ANNAPOLIS – Alarmed by a recent appeals court ruling, Maryland lawmakers are already drawing up legislation to close a loophole that could let employees tamper with their company’s computer systems.
The Thursday decision by the Maryland Court of Appeals overturned Terry Dewain Briggs’ conviction on a criminal charge of unauthorized access to computers.
The Scarborough Group Inc. said that two days before he left his job as a computer programmer and system administrator in 1995, Briggs changed passwords and put them in a subdirectory named “ha-ha he-he.”
Briggs was convicted in 1996 of the criminal charge of unauthorized access to the computers. But the appeals court said the current law only covers unauthorized access and that, because Briggs was authorized to get into Scarborough’s computers at the time, he was not guilty.
The ruling brought an immediate reaction from lawmakers.
“This is something we would want to deter by making it a criminal act,” said Del. Samuel Rosenberg, D-Baltimore, a sponsor of the 1984 law under which Briggs was charged.
Del. Nancy Kopp, D-Montgomery, another sponsor of the 1984 bill, was surprised the issue had not arisen earlier and said it must be changed to prohibit similar actions in the future.
“I think it is a void that ought to be addressed,” said Kopp, who was having a new bill drafted Friday to deal with the problem.
Briggs’s attorney, Bradley A. Thomas, said the existing law is designed to combat outside computer “hackers,” not persons who are granted access to a system.
“The law was not designed for the actions for which Mr. Briggs was prosecuted,” said Thomas.
Gary Bair, chief of criminal appeals for the Attorney General’s Office, said that the court ruling still allows outside hackers to be prosecuted. But he agreed with Kopp that the law needs to be changed.
“I think what the Court of Appeals is saying is that the law is too narrow,” said Bair.
Briggs was hired by the Scarborough Group Inc. in 1994 as a computer programmer. The management of the whole computer system was entrusted to him and his duties included entering data into the system and placing passwords on the files to secure the data.
Briggs quit in 1995 in a dispute over the terms of his contract.
Shortly after he left Scarborough, the company found some of the computer files were secured with passwords only known to Briggs. The company called Anne Arundel County police and Briggs was charged with theft of computers and unauthorized access to computers.

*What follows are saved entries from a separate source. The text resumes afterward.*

Lemma realize_shallow_net a s x :
  realize (shallow_net a s) (const_mx x) = const_mx (a + \sum_(e <- s) neuron e x).
Proof.
apply/matrixP => i j; rewrite /= !mxE (big_nth (0, 0, 0)) big_mkord addrC.
by congr (_ + _); apply: eq_bigr => k _; rewrite !mxE big_ord1 !mxE.
Qed.

Definition interp_neurons (w : R) (h : R -> R) (p : nat -> R) (n : nat) :=
  [seq (w, - p j, slope h p j) | j <- iota 0 n] ++
  [seq (w, - p j.+1, - slope h p j) | j <- iota 0 n].

Lemma size_interp_neurons w h p n : size (interp_neurons w h p n) = (2 * n)%N.
Proof. by rewrite size_cat !size_map size_iota addnn mul2n. Qed.

Lemma sum_interp_neurons w h p n x :
  \sum_(e <- interp_neurons w h p n) neuron e x = interp h p n (w * x).
Proof.
rewrite big_cat /= !big_map /interp /index_iota subn0 -big_split.
by apply: eq_bigr => j _; rewrite /neuron /ramp /=; ring.
Qed.

Definition pl_net (f : R -> R) (N : nat) : DNN R 1 1 :=
  shallow_net (f 0)
    (interp_neurons 1 f (grid N) N ++ interp_neurons (-1) (f \o -%R) (grid N) N).

Lemma realize_pl_net f N x :
  realize (pl_net f N) (const_mx x) = const_mx (pl_approx f N x).
Proof.
by rewrite realize_shallow_net big_cat !sum_interp_neurons mul1r mulN1r addrA.
Qed.

Lemma dims_pl_net f N : dims (pl_net f N) = [:: 1; 4 * N; 1]%N.
Proof. by rewrite /= size_cat !size_interp_neurons -mulnDl. Qed.

Lemma maxdim_pl_net f N : (0 < N)%N -> maxdim (pl_net f N) = (4 * N)%N.
Proof. by move=> N_gt0; rewrite /maxdim dims_pl_net /=; lia. Qed.

Lemma is_DNN_pl_net f N : (0 < N)%N -> is_DNN (pl_net f N).
Proof. by move=> N_gt0; rewrite /is_DNN dims_pl_net /=; lia. Qed.

End ShallowNetwork.

Section Bounds.
Variable R : realType.

Lemma cell_count_spec (L eps : R) : 1 <= L -> 0 < eps <= 1 ->
  let N := Num.truncn (6 * L / eps) in
  [/\ (0 < N)%N, N%:R <= 6 * L / eps & 32 * L ^+ 2 <= eps * N.+1%:R ^+ 2].
Proof.
move=> L_ge1 /andP[eps_gt0 eps_le1] N.
have six_le : 6 * L <= 6 * L / eps.
  by rewrite ler_pMr ?invf_ge1 //; lra.
have /andP[N_le N_gt] : N%:R <= 6 * L / eps < N.+1%:R by apply: truncn_itv; lra.
split => //; first by rewrite truncn_gt0; lra.
have : 6 * L < N.+1%:R * eps by rewrite -ltr_pdivrMr.
have : N.+1%:R * eps <= N.+1%:R by rewrite ler_piMr.
nra.
Qed.

Lemma width_le (L b eps : R) (N : nat) : 0 <= L -> 0 < eps <= 1 ->
  N%:R <= 6 * L / eps -> 64 + 128 * L <= b -> (4 * N)%:R <= b * eps ^- 2 / 4.
Proof.
move=> L_ge0 /andP[eps_gt0 eps_le1] N_le b_ge.
have ie_ge1 : 1 <= eps^-1 by rewrite invf_ge1.
rewrite natrM -exprVn; move: N_le; rewrite -mulrA.
set ie := eps^-1 in ie_ge1 * => N_le.
have : L * ie <= L * ie ^+ 2 by rewrite ler_wpM2l //; nra.
have := ler_wpM2r (sqr_ge0 ie) b_ge.
nra.
Qed.

Lemma net_constant_ge (L t : R) : 0 <= L -> 0 <= t ->
  64 + 128 * L <= 64 * (1 + Num.sqrt `|L * (4 * L + 2 * L * t)|).
Proof.
move=> L_ge0 t_ge0.
suff : 2 * L <= Num.sqrt `|L * (4 * L + 2 * L * t)| by lra.
rewrite -{1}[2 * L]ger0_norm ?mulr_ge0 // -sqrtr_sqr ler_sqrt //.
apply: le_trans (ler_norm _); have := mulr_ge0 (mulr_ge0 L_ge0 L_ge0) t_ge0; nra.
Qed.

Lemma three_le_budget (b c d eps : R) :
  12 <= b -> 0 <= c -> 1 <= d -> 0 < eps <= 1 -> 3 <= b * d `^ c * eps `^ (- c) / 4.
Proof.
move=> b_ge c_ge0 d_ge1 eps01.
have := ler_powR d_ge1 c_ge0; have := ger_powR eps01 (_ : - c <= 0); rewrite !powRr0.
rewrite oppr_le0 => /(_ c_ge0) eps_pow d_pow.
have : 12 <= b * d `^ c by nra.
nra.
Qed.

Lemma cube_norm_le (T a y w : R) : 0 <= T -> 0 <= y ->
  T ^+ 3 * (`|a| + 1) ^+ 2 + y <= w -> T ^+ 3 * `|a| <= w.
Proof.
move=> T_ge0 y_ge0; have T3_ge0 := exprn_ge0 3 T_ge0.
have : `|a| <= (`|a| + 1) ^+ 2 by have := normr_ge0 a; nra.
move=> /(ler_wpM2l T3_ge0); lra.
Qed.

Briggs said he put passwords on the company files months earlier as part of his job and that someone had changed the computer date on “ha-ha he-he” subdirectory to incriminate him. He said in court documents that the charges were an attempt to discredit him as a witness in a Securities and Exchange Commission probe of Scarborough that he instigated.
An Anne Arundel County jury acquitted Briggs of theft, but convicted him of unauthorized access and sentenced him to a year in prison, with all but two days suspended, and two years supervised probation. He was also fined $500, ordered to perform 150 hours of community service and told to cooperate with Scarborough in retrieving the locked computer files.
Briggs appealed to the Court of Special Appeals, but the higher Court of Appeals stepped in and took the case.
The high court ruled that since Briggs’ access to the system was authorized, his purpose or motive in accessing the computer, “whether there is any intent to alter or damage the computer or the data on it – is irrelevant.”
The decision, written by Judge Irma Raker, said the court only interprets the law and does not make it.
“If the law is to be broadened to include Briggs’s conduct, it should be modified by the legislature, not by this court,” wrote Raker.